Balance Assessment during Cognitive Dual Task Performance in Diabetic Peripheral Neuropathy

Nawal A. Abo Shady1, Shaimaa I. El-Jaafary2, Ibrahim M. Hamouda3, Radwa Y. Mohammad1

1Department of Physical Therapy for Neuromuscular Disorders & its Surgeries, Faculty of Physical Therapy, Cairo University, Egypt

2Department of Neurology, Faculty of Medicine, Cairo University, Egypt

3Department of Physical Therapy for Neuromuscular Disorders & its Surgeries, Faculty of Physical Therapy, Kafrelsheikh University, Egypt

Correspondence to: Radwa Y. Mohammad, Department of Physical Therapy for Neuromuscular Disorders & its Surgeries, Faculty of Physical Therapy, Cairo University, Egypt.

Email:

Copyright © 2019 The Author(s). Published by Scientific & Academic Publishing.

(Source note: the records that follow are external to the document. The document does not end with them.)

(* Let $\nu\ge 0$, $0\le a<b$ and $d>0$. Then $$\int_{a}^b u^{\nu}e^{-du}\,du \stackrel c \approx b^\nu\left(\frac{a+\frac 1d}{b+\frac 1d}\right)^\nu e^{-ad}\,\frac {b-a} {d(b-a)+1},$$ where the comparability constant $c$ depends only on $\nu$.
   Context: $f\stackrel c\approx g$ means $c^{-1}g\le f\le cg$ for all indicated values of the variables, with $c>0$ depending only on the stated parameters. *)

From HB Require Import structures.
From mathcomp Require Import all_boot all_order all_algebra.
From mathcomp Require Import all_classical all_reals all_analysis.
Set Implicit Arguments. Unset Strict Implicit. Unset Printing Implicit Defensive.
Import Order.TTheory GRing.Theory Num.Theory.
Local Open Scope classical_set_scope.
Local Open Scope ring_scope.

Definition gamma_piece (R : realType) (nu a b d : R) : R :=
  Rintegral (@lebesgue_measure R) `[a, b] (fun u : R => u `^ nu * expR (- (d * u))).

Definition gamma_piece_approx (R : realType) (nu a b d : R) : R :=
  b `^ nu * ((a + d^-1) / (b + d^-1)) `^ nu * expR (- (a * d))
    * ((b - a) / (d * (b - a) + 1)).

From HB Require Import structures.
From mathcomp Require Import all_boot all_order all_algebra.
From mathcomp Require Import all_classical all_reals all_analysis.
From mathcomp Require Import ring lra measurable_realfun.
Set Implicit Arguments. Unset Strict Implicit. Unset Printing Implicit Defensive.
Import Order.TTheory GRing.Theory Num.Theory.
Import numFieldTopology.Exports.
Local Open Scope classical_set_scope.
Local Open Scope ring_scope.

(* Put m := min (b - a) (1/d); the integrand is essentially concentrated on
   [a, a + m].  Both factors of the comparison function are within a factor 2 of
   a + m and m respectively, so it is comparable to (a + m)^nu e^{-ad} m.  From
   below, on [a + m/2, a + m] one has u^nu >= ((a + m)/2)^nu and
   e^{-du} >= e^{-ad-1}.  From above, u <= (a + m)(1 + d(u - a)) and
   (1 + t)^nu <= (1 + 2 nu)^nu e^{t/2} dominate the integrand on [a, b] by
   (1 + 2 nu)^nu (a + m)^nu e^{-ad} e^{-d(u - a)/2}, whose integral is at most
   min (b - a) (2/d) <= 2m times the prefactor. *)

Lemma comparable_sandwich (R : realFieldType) (p q r x g f : R) :
  0 < p -> 0 < q -> 0 <= r -> 0 <= x ->
  p * x <= g -> g <= x -> q * x <= f -> f <= r * x ->
  (r / p + q^-1)^-1 * g <= f /\ f <= (r / p + q^-1) * g.
Proof.
move=> p0 q0 r0 x0 pxg gx qxf frx; set c := r / p + q^-1.
have g0 : 0 <= g by apply: le_trans pxg; rewrite mulr_ge0 ?(ltW p0).
have f0 : 0 <= f by apply: le_trans qxf; rewrite mulr_ge0 ?(ltW q0).
have rp0 : 0 <= r / p by rewrite divr_ge0 ?(ltW p0).
have c_ge : q^-1 <= c by rewrite lerDr.
have c0 : 0 < c by apply: lt_le_trans c_ge; rewrite invr_gt0.
split.
  rewrite mulrC ler_pdivrMr// (le_trans gx)// (le_trans _ (ler_wpM2l f0 c_ge))//.
  by rewrite ler_pdivlMr// mulrC.
apply: (le_trans frx); apply: (@le_trans _ _ (r / p * g)).
  have -> : r * x = r / p * (p * x) by rewrite mulrA divfK // lt0r_neq0.
  exact: ler_wpM2l.
by rewrite ler_wpM2r// lerDl invr_ge0 (ltW q0).
Qed.

Section Segment_integrals.
Context {R : realType}.
Notation mu := (@lebesgue_measure R).

Lemma continuous_itv_integrable (f : R -> R) (p q : R) :
  continuous f -> mu.-integrable `[p, q] (EFin \o f).
Proof.
move=> cf; apply: continuous_compact_integrable; first exact: segment_compact.
exact: continuous_subspaceT.
Qed.

Lemma integrable_itv_cst (c p q : R) : mu.-integrable `[p, q] (EFin \o cst c).
Proof. exact/continuous_itv_integrable/cst_continuous. Qed.

Lemma Rintegral_itv_cst (c p q : R) : p <= q ->
  \int[mu]_(x in `[p, q]) c = c * (q - p).
Proof.
move=> pq; rewrite Rintegral_cst//; congr (_ * _).
have /= -> := lebesgue_measure_itv `[p, q].
rewrite lte_fin; case: ltP => [_|qp]; first by rewrite -EFinD.
by rewrite (@le_anti _ _ q p) ?qp ?subrr.
Qed.

Lemma le_Rintegral_subitv (f : R -> R) (p q p' q' : R) :
  p <= p' -> q' <= q -> (forall x, 0 <= f x) ->
  mu.-integrable `[p, q] (EFin \o f) ->
  \int[mu]_(x in `[p', q']) f x <= \int[mu]_(x in `[p, q]) f x.
Proof.
move=> pp' q'q f0 fi.
have sub : `[p', q'] `<=` `[p, q] by apply: subset_itv; rewrite bnd_simp.
rewrite /Rintegral fine_le//.
- by apply: integrable_fin_num => //; exact: integrableS fi.
- exact: integrable_fin_num.
- by apply: ge0_subset_integral => // [|x _]; [case/integrableP: fi|rewrite lee_fin].
Qed.

Lemma continuous_expRNM (k : R) : continuous (fun x : R => expR (- (k * x))).
Proof.
move=> x; apply: continuous_comp; last exact: continuous_expR.
apply: (@continuousN _ R^o).
by apply: continuousM => //; exact: cst_continuous.
Qed.

Lemma Rintegral_expRNM (k p q : R) : 0 < k -> p < q ->
  \int[mu]_(x in `[p, q]) expR (- (k * x)) =
  (expR (- (k * p)) - expR (- (k * q))) / k.
Proof.
move=> k0 pq.
rewrite /Rintegral (@continuous_FTC2 _ _ (fun x => - (k^-1 * expR (- (k * x))))) //=.
- by rewrite opprK addrC -mulrBr mulrC.
- exact/continuous_subspaceT/continuous_expRNM.
- split.
  + by move=> z _; exact: ex_derive.
  + apply/cvg_at_right_filter; apply: cvgN; apply: cvgM; first exact: cvg_cst.
    exact: continuous_expRNM.
  + apply/cvg_at_left_filter; apply: cvgN; apply: cvgM; first exact: cvg_cst.
    exact: continuous_expRNM.
- move=> z _.
  rewrite derive1E deriveN// deriveZ//= -derive1E derive1_comp//.
  rewrite derive1E; have /funeqP -> := @derive_expR R.
  rewrite derive1N// derive1E deriveZ// derive_id.
  change (- (k^-1 * (expR (- (k * z)) * - (k * 1))) = expR (- (k * z))).
  by rewrite mulr1 !mulrN opprK mulrCA mulVf ?mulr1 ?gt_eqF.
Qed.

Lemma Rintegral_expRNM_le (k p q : R) : 0 < k -> p < q ->
  \int[mu]_(x in `[p, q]) expR (- (k * x)) <=
  expR (- (k * p)) * Num.min (q - p) k^-1.
Proof.
move=> k0 pq; rewrite minr_pMr ?expR_ge0// le_min; apply/andP; split.
  rewrite -Rintegral_itv_cst ?(ltW pq)//; apply: le_Rintegral => //.
  - exact/continuous_itv_integrable/continuous_expRNM.
  - exact: integrable_itv_cst.
  - move=> x /=; rewrite in_itv/= => /andP[px _].
    by rewrite ler_expR lerN2 ler_pM2l.
by rewrite Rintegral_expRNM// ler_pM2r ?invr_gt0// gerBl expR_ge0.
Qed.

End Segment_integrals.

Section Gamma_piece.
Context {R : realType}.
Notation mu := (@lebesgue_measure R).
Implicit Types nu a b d t u : R.

Lemma powR1D_le nu t : 0 <= nu -> 0 <= t ->
  (1 + t) `^ nu <= (1 + 2 * nu) `^ nu * expR (t / 2).
Proof.
move=> nu0 t0; set M := 1 + 2 * nu.
have M1 : 1 <= M by rewrite /M; lra.
have M0 : 0 < M by lra.
have tM : 1 + t <= M * expR (t / M).
  have := expR_ge1Dx (t / M).
  rewrite -(ler_pM2l M0) mulrDr mulr1 mulrCA divff ?gt_eqF// mulr1; lra.
apply: (le_trans (ge0_ler_powR nu0 _ _ tM)); rewrite ?nnegrE; try lra.
rewrite powRM ?expR_ge0 ?(ltW M0)// -expRM ler_pM2l ?powR_gt0// ler_expR.
rewrite mulrAC ler_pdivrMr// /M; nra.
Qed.

Definition gamma_len a b d := Num.min (b - a) d^-1.

Definition gamma_scale nu a b d :=
  (a + gamma_len a b d) `^ nu * expR (- (a * d)) * gamma_len a b d.

Lemma gamma_len_ge0 a b d : a <= b -> 0 <= d -> 0 <= gamma_len a b d.
Proof. by move=> ab d0; rewrite le_min subr_ge0 ab invr_ge0. Qed.

Lemma gamma_scale_ge0 nu a b d : a <= b -> 0 <= d -> 0 <= gamma_scale nu a b d.
Proof.
by move=> ab d0; rewrite /gamma_scale !mulr_ge0 ?powR_ge0 ?expR_ge0 ?gamma_len_ge0.
Qed.

Lemma le_gamma_len_mul1D a b d u : 0 <= a -> 0 < d -> a <= u -> u <= b ->
  u <= (a + gamma_len a b d) * (1 + d * (u - a)).
Proof.
move=> a0 d0 au ub; set m := gamma_len a b d.
have t0 : 0 <= d * (u - a) by rewrite mulr_ge0 ?subr_ge0 ?(ltW d0).
have um : u - a <= m * (1 + d * (u - a)).
  rewrite /m /gamma_len minr_pMl ?addr_ge0// le_min; apply/andP; split; first nra.
  by rewrite mulrDr mulr1 mulrA mulVf ?gt_eqF// mul1r lerDr invr_ge0 ltW.
have at0 : 0 <= a * (d * (u - a)) by rewrite mulr_ge0.
by rewrite mulrDl; lra.
Qed.

Lemma approx_base_bounds a b d : 0 <= a -> a < b -> 0 < d ->
  (a + gamma_len a b d) / 2 <= b * ((a + d^-1) / (b + d^-1)) <= a + gamma_len a b d.
Proof.
move=> a0 ab d0; rewrite /gamma_len; set D := d^-1.
have D0 : 0 < D by rewrite invr_gt0.
have bD : 0 < b + D by lra.
rewrite mulrA ler_pdivlMr// ler_pdivrMr// mulrAC ler_pdivrMr//.
have [ba_le|D_lt] := leP (b - a) D.
  rewrite addrC subrK.
  have h1 : 0 <= b * (2 * a + D - b) by rewrite mulr_ge0 //; lra.
  have h2 : 0 <= b * (b - a) by rewrite mulr_ge0 //; lra.
  apply/andP; split; nra.
have h1 : 0 <= (a + D) * (b - D) by rewrite mulr_ge0 //; lra.
have h2 : 0 <= (a + D) * D by rewrite mulr_ge0 //; lra.
apply/andP; split; nra.
Qed.

Lemma approx_len_bounds a b d : a < b -> 0 < d ->
  gamma_len a b d / 2 <= (b - a) / (d * (b - a) + 1) <= gamma_len a b d.
Proof.
move=> ab d0; rewrite /gamma_len.
have dba0 : 0 <= d * (b - a) by rewrite mulr_ge0 //; lra.
have p : 0 < d * (b - a) + 1 by lra.
rewrite ler_pdivlMr// ler_pdivrMr// mulrAC ler_pdivrMr//.
have [ba_le|d_lt] := leP (b - a) d^-1.
  have dba1 : d * (b - a) <= 1 by rewrite -(mulfV (lt0r_neq0 d0)) ler_pM2l.
  by apply/andP; split; nra.
rewrite mulrDr mulr1 mulrA mulVf ?gt_eqF// mul1r.
have D0 : 0 < d^-1 by rewrite invr_gt0.
by apply/andP; split; lra.
Qed.

Definition gamma_integrand nu d u := u `^ nu * expR (- (d * u)).

Lemma gamma_pieceE nu a b d :
  gamma_piece nu a b d = \int[mu]_(u in `[a, b]) gamma_integrand nu d u.
Proof. by []. Qed.

Lemma gamma_integrand_ge0 nu d u : 0 <= gamma_integrand nu d u.
Proof. by rewrite mulr_ge0 ?powR_ge0 ?expR_ge0. Qed.

Lemma measurable_gamma_integrand nu d : measurable_fun setT (gamma_integrand nu d).
Proof.
apply: measurable_funM => //.
exact: continuous_measurable_fun (@continuous_expRNM R d).
Qed.

Lemma integrable_gamma_integrand nu d p q : 0 <= nu -> 0 <= p -> 0 <= d ->
  mu.-integrable `[p, q] (EFin \o gamma_integrand nu d).
Proof.
move=> nu0 p0 d0.
apply: (le_integrable _ _ _ (integrable_itv_cst (q `^ nu) p q)) => //.
- by apply/measurable_EFinP; apply: measurable_funTS; exact: measurable_gamma_integrand.
- move=> x /=; rewrite in_itv/= => /andP[px xq].
  rewrite lee_fin ger0_norm ?gamma_integrand_ge0// ger0_norm ?powR_ge0//.
  rewrite -[leRHS]mulr1 ler_pM ?powR_ge0 ?expR_ge0//.
    by apply: ge0_ler_powR => //; rewrite nnegrE; lra.
  by rewrite expR_le1 oppr_le0 mulr_ge0//; lra.
Qed.

Lemma gamma_integrand_le nu a b d u : 0 <= nu -> 0 <= a -> 0 < d ->
  a <= u -> u <= b ->
  gamma_integrand nu d u <= (1 + 2 * nu) `^ nu * (a + gamma_len a b d) `^ nu
    * expR (- (a * d / 2)) * expR (- (d / 2 * u)).
Proof.
move=> nu0 a0 d0 au ub; set m := gamma_len a b d.
have m0 : 0 <= m := gamma_len_ge0 (le_trans au ub) (ltW d0).
have t0 : 0 <= d * (u - a) by rewrite mulr_ge0 ?subr_ge0 ?(ltW d0).
have uM : u `^ nu <= (a + m) `^ nu * ((1 + 2 * nu) `^ nu * expR (d * (u - a) / 2)).
  have := le_gamma_len_mul1D a0 d0 au ub; rewrite -/m => um.
  apply: (le_trans (ge0_ler_powR nu0 _ _ um)).
  - by rewrite nnegrE; lra.
  - by rewrite nnegrE mulr_ge0; lra.
  by rewrite powRM ?ler_wpM2l ?powR_ge0 ?powR1D_le//; lra.
rewrite [leRHS](_ : _ = (a + m) `^ nu * ((1 + 2 * nu) `^ nu
    * expR (d * (u - a) / 2)) * expR (- (d * u))); last first.
  by rewrite -!mulrA -!expRD mulrCA; do 2 congr (_ * _); congr expR; field.
by rewrite /gamma_integrand ler_wpM2r ?expR_ge0.
Qed.

Lemma gamma_piece_le nu a b d : 0 <= nu -> 0 <= a -> a < b -> 0 < d ->
  gamma_piece nu a b d <= 2 * (1 + 2 * nu) `^ nu * gamma_scale nu a b d.
Proof.
move=> nu0 a0 ab d0; set m := gamma_len a b d.
set C := (1 + 2 * nu) `^ nu * (a + m) `^ nu * expR (- (a * d / 2)).
have C0 : 0 <= C by rewrite !mulr_ge0 ?powR_ge0 ?expR_ge0.
have k0 : 0 < d / 2 by rewrite divr_gt0.
have len2 : Num.min (b - a) (d / 2)^-1 <= 2 * m.
  rewrite /m /gamma_len minr_pMr// le_min !ge_min invf_div lexx orbT andbT.
  by rewrite ler_peMl ?subr_ge0 ?(ltW ab)// ler1n.
have -> : 2 * (1 + 2 * nu) `^ nu * gamma_scale nu a b d =
    C * (expR (- (d / 2 * a)) * (2 * m)).
  rewrite /C /gamma_scale -/m.
  have -> : expR (- (a * d)) = expR (- (a * d / 2)) * expR (- (d / 2 * a)).
    by rewrite -expRD; congr expR; field.
  ring.
have cexp : continuous (fun x => C * expR (- (d / 2 * x))).
  move=> x; apply: (@continuousM _ R^o (fun=> C) (fun x => expR (- (d / 2 * x)))).
    exact: cst_continuous.
  exact: continuous_expRNM.
apply: (@le_trans _ _ (\int[mu]_(x in `[a, b]) (C * expR (- (d / 2 * x))))).
  apply: le_Rintegral => //.
  - exact: integrable_gamma_integrand (ltW d0).
  - exact: continuous_itv_integrable.
  - move=> x /=; rewrite in_itv/= => /andP[ax xb].
    exact: gamma_integrand_le.
rewrite RintegralZl//; last exact/continuous_itv_integrable/continuous_expRNM.
apply: ler_wpM2l => //; apply: le_trans (Rintegral_expRNM_le k0 ab) _.
by rewrite ler_wpM2l ?expR_ge0.
Qed.

Lemma gamma_piece_ge nu a b d : 0 <= nu -> 0 <= a -> a < b -> 0 < d ->
  2^-1 `^ nu / (2 * expR 1) * gamma_scale nu a b d <= gamma_piece nu a b d.
Proof.
move=> nu0 a0 ab d0; set m := gamma_len a b d.
have m0 : 0 <= m := gamma_len_ge0 (ltW ab) (ltW d0).
have mba : m <= b - a by rewrite /m /gamma_len ge_min lexx.
have dm1 : d * m <= 1.
  have : m <= d^-1 by rewrite /m /gamma_len ge_min lexx orbT.
  by rewrite -(ler_pM2l d0) mulfV ?gt_eqF.
set C := ((a + m) / 2) `^ nu * (expR (- (a * d)) * expR (-1)).
have -> : 2^-1 `^ nu / (2 * expR 1) * gamma_scale nu a b d =
    C * ((a + m) - (a + m / 2)).
  rewrite /C /gamma_scale -/m powRM ?invr_ge0// ?expRN; last lra.
  by field; rewrite ?expR_eq0.
rewrite gamma_pieceE -Rintegral_itv_cst; last lra.
apply: (@le_trans _ _ (\int[mu]_(u in `[a + m / 2, a + m]) gamma_integrand nu d u));
  last first.
  apply: le_Rintegral_subitv; [lra | lra | exact: gamma_integrand_ge0 |].
  exact: integrable_gamma_integrand b nu0 a0 (ltW d0).
apply: le_Rintegral => //.
- exact: integrable_itv_cst.
- by apply: integrable_gamma_integrand (a + m) nu0 _ (ltW d0); lra.
move=> x /=; rewrite in_itv/= => /andP[x1 x2].
rewrite /gamma_integrand ler_pM ?powR_ge0 ?mulr_ge0 ?expR_ge0//.
  by apply: ge0_ler_powR => //; rewrite ?nnegrE; lra.
rewrite -expRD ler_expR.
have : d * x <= d * (a + m) by rewrite ler_pM2l.
nra.
Qed.

Lemma gamma_piece_approx_bounds nu a b d : 0 <= nu -> 0 <= a -> a < b -> 0 < d ->
  2^-1 `^ nu / 2 * gamma_scale nu a b d <= gamma_piece_approx nu a b d
    <= gamma_scale nu a b d.
Proof.
move=> nu0 a0 ab d0; have m0 := gamma_len_ge0 (ltW ab) (ltW d0).
have /andP[s_ge s_le] := approx_base_bounds a0 ab d0.
have /andP[w_ge w_le] := approx_len_bounds ab d0.
rewrite /gamma_piece_approx /gamma_scale -powRM; last 2 first.
- exact: ltW (le_lt_trans a0 ab).
- by rewrite divr_ge0 ?addr_ge0 ?invr_ge0 ?(ltW d0) ?(ltW (le_lt_trans a0 ab)).
move: (gamma_len a b d) (b * _) ((b - a) / _) m0 s_ge s_le w_ge w_le.
move=> m s w m0 s_ge s_le w_ge w_le; apply/andP; split.
  have -> : 2^-1 `^ nu / 2 * ((a + m) `^ nu * expR (- (a * d)) * m) =
      ((a + m) / 2) `^ nu * expR (- (a * d)) * (m / 2).
    by rewrite [in RHS]powRM; [ring | lra | rewrite invr_ge0].
  apply: ler_pM; rewrite ?mulr_ge0 ?powR_ge0 ?expR_ge0 ?ler_wpM2r ?expR_ge0//; try lra.
  by apply: ge0_ler_powR => //; rewrite nnegrE; lra.
apply: ler_pM; rewrite ?mulr_ge0 ?powR_ge0 ?expR_ge0 ?ler_wpM2r ?expR_ge0//; try lra.
by apply: ge0_ler_powR => //; rewrite nnegrE; lra.
Qed.

End Gamma_piece.

Theorem mainTheorem10 (R : realType) (nu : R) (hnu : 0 <= nu) :
  exists c : R, 0 < c /\
    forall a b d : R, 0 <= a -> a < b -> 0 < d ->
      c^-1 * gamma_piece_approx nu a b d <= gamma_piece nu a b d /\
      gamma_piece nu a b d <= c * gamma_piece_approx nu a b d.
Proof.
set K := (1 + 2 * nu) `^ nu; set h := 2^-1 `^ nu.
have h0 : 0 < h by rewrite powR_gt0.
have he0 : 0 < h / (2 * expR 1) by rewrite divr_gt0 ?mulr_gt0 ?expR_gt0.
have K2 : 0 <= 2 * K by rewrite mulr_ge0 ?powR_ge0.
exists (2 * K / (h / 2) + (h / (2 * expR 1))^-1); split.
  by rewrite ltr_wpDl ?divr_ge0 ?invr_gt0// ltW.
move=> a b d a0 ab d0.
have /andP[approx_ge approx_le] := gamma_piece_approx_bounds hnu a0 ab d0.
apply: comparable_sandwich approx_ge approx_le
  (gamma_piece_ge hnu a0 ab d0) (gamma_piece_le hnu a0 ab d0) => //.
exact: gamma_scale_ge0 (ltW ab) (ltW d0).
Qed.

This work is licensed under the Creative Commons Attribution International License (CC BY).
http://creativecommons.org/licenses/by/4.0/

Abstract

Objective: Diabetes Mellitus results in an impairment of cognitive tasks. Few studies addressed the effect of cognitive –motor dual task in Diabetic Peripheral Neuropathy patients. The purpose of this study was to assess the influence of cognitive dual task on balance, Comparisons between effect of the single-task and dual-task on balance and to implement cognitive dual tasking in balance rehabilitation in DPN patients. Subjects and Methods: This study is a cross section design included 60 female subjects distributed into 3 groups, GI included 20 patients with sensory DPN, GII included 20 patients with sensory-motor DPN and GIII included 20 healthy age-matched subjects participated in the present study. The age ranged from 50 to 60 years old. Subjects were assessed by Montereal Cognitive assessement (MoCA) and Biodex Balance system (BBS). The performance of patients and healthy subjects was compared on BBS, on mental task (verbal fluency) and when performing the mental task while balancing. Results: There was a significant decrease in MoCA in Group I & II. There was a significant increase in overall stability index (OVSI), antero-posterior stability index (APSI) and medio-lateral stability index (MLSI) at dual task compared with that at single task in group I and II (p < 0.01). However, there was no significant difference in OVSI, APSI, and MLSI between single and dual tasks in group III (P > 0.05). There was significant decrease in number of words at dual task compared with that at single task in the three groups (p < 0.001). Conclusion: This study is the first to demonstrate the effect of cognitive –motor dual task in DPN patients on balance and cognition. The results support the view that motor control is influenced by cognitive function. So it is important to implement cognitive training as postural control demands attention under certain circumstances.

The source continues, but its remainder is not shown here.